« Mon diplôme n’est pas acceptable pour l’Iran, mais l’est assez pour l’Université McGill », ironise Shakib Nasrullah, docteur en psychologie diplômé de l’Université McGill. Après avoir étudié clandestinement dans une université qui opère en secret, la Baha’i Institute for Higher Education (BIHE), Dr Nasrullah a immigré à Montréal en 2007 pour y continuer ses études.
D’origine iranienne, Dr Nasrullah est de confession Baha’i, une minorité religieuse oppressée en Iran qui selon Bahá’í World News Service compte plus de cinq millions de membres dans le monde. Depuis sa création en 1979, la République Islamique d’Iran exerce une répression institutionnalisée sur les Baha’is, perçu·e·s comme des opposant·e·s à l’Islam. La minorité religieuse est notamment interdite d’accès aux études supérieures.
Selon le média britannique Iran International, en septembre 2021, le président iranien Ebrahim Raisi, est revenu sur la décision de son prédécesseur d’appliquer le projet mondial Éducation 2030 de l’UNESCO, pour un accès inclusif à l’éducation. Cette décision a avorté l’espoir des Baha’is, comme Dr Nasrullah, d’accéder à un enseignement universitaire en Iran.
« Je n’avais pas de rêve, je voulais juste vivre. »
Dr Nasrullah a grandi sous la répression de la République Islamique d’Iran, située entre l’Irak et l’Afghanistan, où la religion musulmane infiltre toutes les sphères de la vie. Il relate qu’en tant que Baha’i les arrestations, enlèvements, assassinats et mises à pied étaient chose courante. Son père a d’ailleurs été licencié de son poste de cadre de la compagnie de boisson Pepsico inc. pour cette raison, dit-il.
« Je n’avais pas de rêve, je voulais juste vivre », raconte le docteur en psychologie en se remémorant la répression politique qu’il a subie enfant. À l’âge de 9 ans, il explique que son professeur à l’école faisait l’éloge des massacres des Baha’is à Yazd, situé au centre du pays.

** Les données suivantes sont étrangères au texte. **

(* Assume the standing assumptions in the context. Let $v=(v_1,v_2)$ be the bounded constrained viscosity solution on $[\underline{x},+\infty)$ of the system $$\rho v_j(x)=H(x,y_j,Dv_j(x))+\lambda_j\big(v_{\bar\jmath}(x)-v_j(x)\big),\qquad j=1,2,\ \bar\jmath=3-j.$$ Then each $v_j$ is Lipschitz continuous on $[\underline{x},+\infty)$.
   Context: Standing assumptions: $\rho>0$; $-\infty<r<\rho$; $0<y_1<y_2$; $\gamma>1$; $\underline{x}\le0$ with $\rho\underline{x}+y_j>0$ for $j=1,2$; $\lambda_1,\lambda_2\ge0$ constants. Utility $u(c)=\frac{c^{1-\gamma}}{1-\gamma}$; Hamiltonian $H(x,y_j,p)=\sup_{c\ge0}\{u(c)+(rx+y_j-c)p\}$, equal to $(rx+y_j)p+\frac{\gamma}{1-\gamma}p^{1-1/\gamma}$ for $p\ge0$ and $+\infty$ for $p<0$. Viscosity subsolution on $S\subseteq[\underline{x},\infty)$: u.s.c. pair $v$ such that whenever $\varphi$ smooth, $j\in\{1,2\}$, and $v_j-\varphi$ has a local max (relative to $[\underline{x},\infty)$) at $x_0\in S$, then $\rho v_j(x_0)\le H(x_0,y_j,D\varphi(x_0))+\lambda_j(v_{\bar\jmath}(x_0)-v_j(x_0))$. Viscosity supersolution on $S$: l.s.c. pair with the reverse inequality at local minima $x_0\in S$. A constrained viscosity solution is a continuous pair that is a viscosity supersolution on $(\underline{x},\infty)$ and a viscosity subsolution on $[\underline{x},\infty)$ (such a bounded solution is unique). *)

From Stdlib Require Import Reals Lra.
From Coquelicot Require Import Coquelicot.
Open Scope R_scope.

(* Index j : bool, with true = regime 1 and false = regime 2; jbar = negb j. *)

(* p^(1-1/gamma) for p >= 0, with the convention 0^a = 0 (a = 1-1/gamma > 0). *)
Definition powp (p a : R) : R := if Req_EM_T p 0 then 0 else Rpower p a.

(* Hamiltonian H(x,y,p) = sup_{c>=0} {u(c) + (r x + y - c) p}, in closed form:
   (r x + y) p + gamma/(1-gamma) p^(1-1/gamma) if p >= 0, +infinity if p < 0. *)
Definition Ham (r gamma x y p : R) : Rbar :=
  if Rle_dec 0 p
  then Finite ((r * x + y) * p + gamma / (1 - gamma) * powp p (1 - 1 / gamma))
  else p_infty.

Definition smooth (phi : R -> R) : Prop := forall n x, ex_derive_n phi n x.

Definition loc_max_rel (xl : R) (f : R -> R) (x0 : R) : Prop :=
  exists d, 0 < d /\ forall x, xl <= x -> Rabs (x - x0) < d -> f x <= f x0.
Definition loc_min_rel (xl : R) (f : R -> R) (x0 : R) : Prop :=
  exists d, 0 < d /\ forall x, xl <= x -> Rabs (x - x0) < d -> f x0 <= f x.

Definition usc_on (xl : R) (f : R -> R) : Prop :=
  forall x0, xl <= x0 -> forall e, 0 < e -> exists d, 0 < d /\
    forall x, xl <= x -> Rabs (x - x0) < d -> f x < f x0 + e.
Definition lsc_on (xl : R) (f : R -> R) : Prop :=
  forall x0, xl <= x0 -> forall e, 0 < e -> exists d, 0 < d /\
    forall x, xl <= x -> Rabs (x - x0) < d -> f x0 - e < f x.
Definition cont_on (xl : R) (f : R -> R) : Prop :=
  forall x0, xl <= x0 -> forall e, 0 < e -> exists d, 0 < d /\
    forall x, xl <= x -> Rabs (x - x0) < d -> Rabs (f x - f x0) < e.

Definition visc_sub (rho r gamma xl : R) (y lam : bool -> R)
  (S : R -> Prop) (v : bool -> R -> R) : Prop :=
  (forall j, usc_on xl (v j)) /\
  forall (phi : R -> R) (j : bool) (x0 : R),
    smooth phi -> S x0 -> loc_max_rel xl (fun x => v j x - phi x) x0 ->
    Rbar_le (Finite (rho * v j x0))
      (Rbar_plus (Ham r gamma x0 (y j) (Derive phi x0))
                 (Finite (lam j * (v (negb j) x0 - v j x0)))).

Definition visc_super (rho r gamma xl : R) (y lam : bool -> R)
  (S : R -> Prop) (v : bool -> R -> R) : Prop :=
  (forall j, lsc_on xl (v j)) /\
  forall (phi : R -> R) (j : bool) (x0 : R),
    smooth phi -> S x0 -> loc_min_rel xl (fun x => v j x - phi x) x0 ->
    Rbar_le (Rbar_plus (Ham r gamma x0 (y j) (Derive phi x0))
                       (Finite (lam j * (v (negb j) x0 - v j x0))))
            (Finite (rho * v j x0)).

Definition constrained_visc_sol (rho r gamma xl : R) (y lam : bool -> R)
  (v : bool -> R -> R) : Prop :=
  (forall j, cont_on xl (v j)) /\
  visc_super rho r gamma xl y lam (fun x => xl < x) v /\
  visc_sub rho r gamma xl y lam (fun x => xl <= x) v.

Definition bounded_on (xl : R) (v : bool -> R -> R) : Prop :=
  exists M, forall j x, xl <= x -> Rabs (v j x) <= M.

Definition lipschitz_on (xl : R) (f : R -> R) : Prop :=
  exists L, forall x x', xl <= x -> xl <= x' -> Rabs (f x - f x') <= L * Rabs (x - x').

From Stdlib Require Import Reals Lra.
From Coquelicot Require Import Coquelicot.
Open Scope R_scope.

(* Since [H] is [+oo] at negative slopes, the supersolution property forbids lines of negative
   slope touching [v_j] from below, so the bounded solution [v_j] is nondecreasing. Its
   difference quotients are bounded from above in two regimes of the drift [r x + y_j].
   Where the drift is at least some [e > 0], [H] is coercive in [p], so the supersolution
   inequality bounds the slopes of test functions touching [v_j] from below, hence the
   difference quotients. Where the drift is at most a small [e], the subsolution inequality
   fails for one fixed slope [P]; no line of slope [P] touches [v_j] from above, and as [v_j]
   is bounded its difference quotients stay below [P]. If [r >= 0] the drift is at least
   [r xl + y_j > 0] everywhere; if [r < 0] the two regimes meet where the drift equals [e]. *)

Lemma smooth_ext (f g : R -> R) : (forall x, f x = g x) -> smooth f -> smooth g.
Proof. intros E Hf n x. exact (ex_derive_n_ext f g n x E (Hf n x)). Qed.

Lemma smooth_quadratic (s k a : R) : smooth (fun x => s * x - k * (x - a) ^ 2).
Proof.
  apply (smooth_ext (fun x => (- k * a ^ 2 + (s + 2 * k * a) * x ^ 1) + - k * x ^ 2)).
  { intros x; ring. }
  intros n x. apply ex_derive_n_plus.
  - apply filter_forall; intros t m _. apply ex_derive_n_plus.
    + apply filter_forall; intros; apply ex_derive_n_const.
    + apply filter_forall; intros; apply ex_derive_n_scal_l, ex_derive_n_pow.
  - apply filter_forall; intros t m _. apply ex_derive_n_scal_l, ex_derive_n_pow.
Qed.

Lemma Derive_quadratic (s k a x : R) :
  Derive (fun x => s * x - k * (x - a) ^ 2) x = s - 2 * k * (x - a).
Proof. apply is_derive_unique; auto_derive; [exact I | ring]. Qed.

Lemma smooth_linear (s : R) : smooth (fun x => s * x).
Proof.
  apply (smooth_ext (fun x => s * x - 0 * (x - 0) ^ 2)); [intros x; ring |].
  apply smooth_quadratic.
Qed.

Lemma Derive_linear (s x : R) : Derive (fun x => s * x) x = s.
Proof. apply is_derive_unique; auto_derive; [exact I | ring]. Qed.

Lemma continuity_pt_linear (s x : R) : continuity_pt (fun t => s * t) x.
Proof.
  apply continuity_pt_mult; [apply continuity_pt_const; intros ? ?; auto |].
  apply continuity_pt_id.
Qed.

Definition pos_part (u : R) : R := (u + Rabs u) / 2.

Lemma pos_part_nonpos (u : R) : u <= 0 -> pos_part u = 0.
Proof. intros Hu; unfold pos_part; rewrite Rabs_left1 by lra; field. Qed.

Lemma pos_part_nonneg (u : R) : 0 <= u -> pos_part u = u.
Proof. intros Hu; unfold pos_part; rewrite Rabs_right by lra; field. Qed.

Il ne vivait pas avec l’insouciance de ses camarades de classe qui aspiraient à devenir pompiers, boulangers ou médecins. Une fois hors de sa maison familiale de Téhéran, lui et sa famille devaient faire profil bas et éviter absolument d’évoquer leur religion au risque d’être accusés de la professer. Sa grande sœur en a d’ailleurs fait les frais et a été expulsée de l’école après avoir été forcée par son institutrice à nommer sa religion.
En 1999, Dr Nasrullah a entamé un baccalauréat à la Baha’i Institute for Higher Education (BIHE), l’université clandestine administrée secrètement par les Baha’is locaux depuis 1987, car elle n’est pas reconnue par le gouvernement iranien. Pour lui, la psychologie était la seule discipline intéressante parmi les quelques cours offerts.

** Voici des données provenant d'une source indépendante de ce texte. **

(* Assume the setting below. There exists a constant $C\geq0$ (independent of $h$ and $\Delta x$) such that $$\sup_{n=0,\ldots,N,\ m\in\mathbb Z^d}|\widehat v(t_n,x_m)-V(t_n,x_m)|\leq C\frac{|\Delta x|}{h}.$$
   Context: Let $T>0$, $d,p,q\ge1$, let $A\subseteq\mathbb R^q$ be a compact subset of a separable metric space, and let $\mu:[0,T]\times\mathbb R^d\times A\to\mathbb R^d$, $\sigma:[0,T]\times\mathbb R^d\times A\to\mathbb R^{d\times p}$ be continuous with $|\mu(t,x,a)-\mu(s,y,a)|+\|\sigma(t,x,a)-\sigma(s,y,a)\|\leq C_0(|x-y|+|t-s|^{1/2})$ for all arguments. Let $\psi:\mathbb R^d\to\mathbb R$ be continuous with $|\psi(x)-\psi(y)|\le L|x-y|$. Let $N\ge1$, $h=T/N$, $t_n=nh$. Let $M\ge2$ and $(\hat\lambda_i,\hat\xi_i)_{i=1}^{\hat M}$, $\hat\lambda_i\ge0$, $\hat\xi_i\in\mathbb R^p$, a cubature rule exact for all polynomials of degree $\le2M-1$ with respect to $\mathcal N(0,I_p)$. Define $\widehat v(t_N,\cdot)=\psi$ and $\widehat v(t_n,x)=\sup_{a\in A}\sum_i\hat\lambda_i\widehat v(t_{n+1},x+\mu(t_n,x,a)h+\sqrt h\sigma(t_n,x,a)\hat\xi_i)$ for $n=N-1,\dots,0$, $x\in\mathbb R^d$. Let $\Delta x=(\Delta x_1,\ldots,\Delta x_d)$ with $\Delta x_j>0$, grid $\mathcal G_{\Delta x}=\{x_m=m\Delta x:\ m\in\mathbb Z^d\}$ (componentwise product), and let $\mathcal I[\phi]$ be the standard multilinear interpolant of a function $\phi$ on this grid (so $\mathcal I[\phi](x_m)=\phi(x_m)$, $|\mathcal I[\phi](x)-\phi(x)|\le L_\phi|\Delta x|$ for $L_\phi$-Lipschitz $\phi$, and $\phi_1\le\phi_2\Rightarrow\mathcal I[\phi_1]\le\mathcal I[\phi_2]$). Define $V(t_N,x_m)=\psi(x_m)$ and for $n=N-1,\ldots,0$, $m\in\mathbb Z^d$: $V(t_n,x_m)=\sup_{a\in A}\sum_{i=1}^{\hat M}\hat\lambda_i\,\mathcal I[V(t_{n+1},\cdot)]\big(x_m+\mu(t_n,x_m,a)h+\sqrt h\sigma(t_n,x_m,a)\hat\xi_i\big)$. *)

From HB Require Import structures.
From mathcomp Require Import all_boot all_order all_algebra.
From mathcomp Require Import all_classical all_reals all_analysis.
Set Implicit Arguments. Unset Strict Implicit. Unset Printing Implicit Defensive.
Import Order.TTheory GRing.Theory Num.Theory.
Import numFieldNormedType.Exports.
Local Open Scope classical_set_scope.
Local Open Scope ring_scope.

« La nature clandestine de BIHE a nécessité des efforts de coordination considérables de la part des professeurs, des élèves et des familles Baha’is », explique le docteur en psychologie. Il se remémore le premier jour de classe. Les cours se donnaient à l’adresse, transmise par BIHE, d’un Baha’i qu’il ne connaissait pas. Discrètement, il prenait les transports publics pour s’y rendre. Il sonnait à la porte, une voix inconnue lui répondait au parlophone. Il répondait fébrilement qu’il venait y suivre un cours. Une fois dans la maison inconnue, il s’installait. L’ambiance était pesante. Tout le monde présent, les étudiants et le professeur, se découvrait et se dévisageait. Le trimestre débutait dans la crainte latente que des espions du gouvernement soient assis parmi eux et les arrêtent pour enseignement illégal. « On vivait dans une peur constante », se souvient-il.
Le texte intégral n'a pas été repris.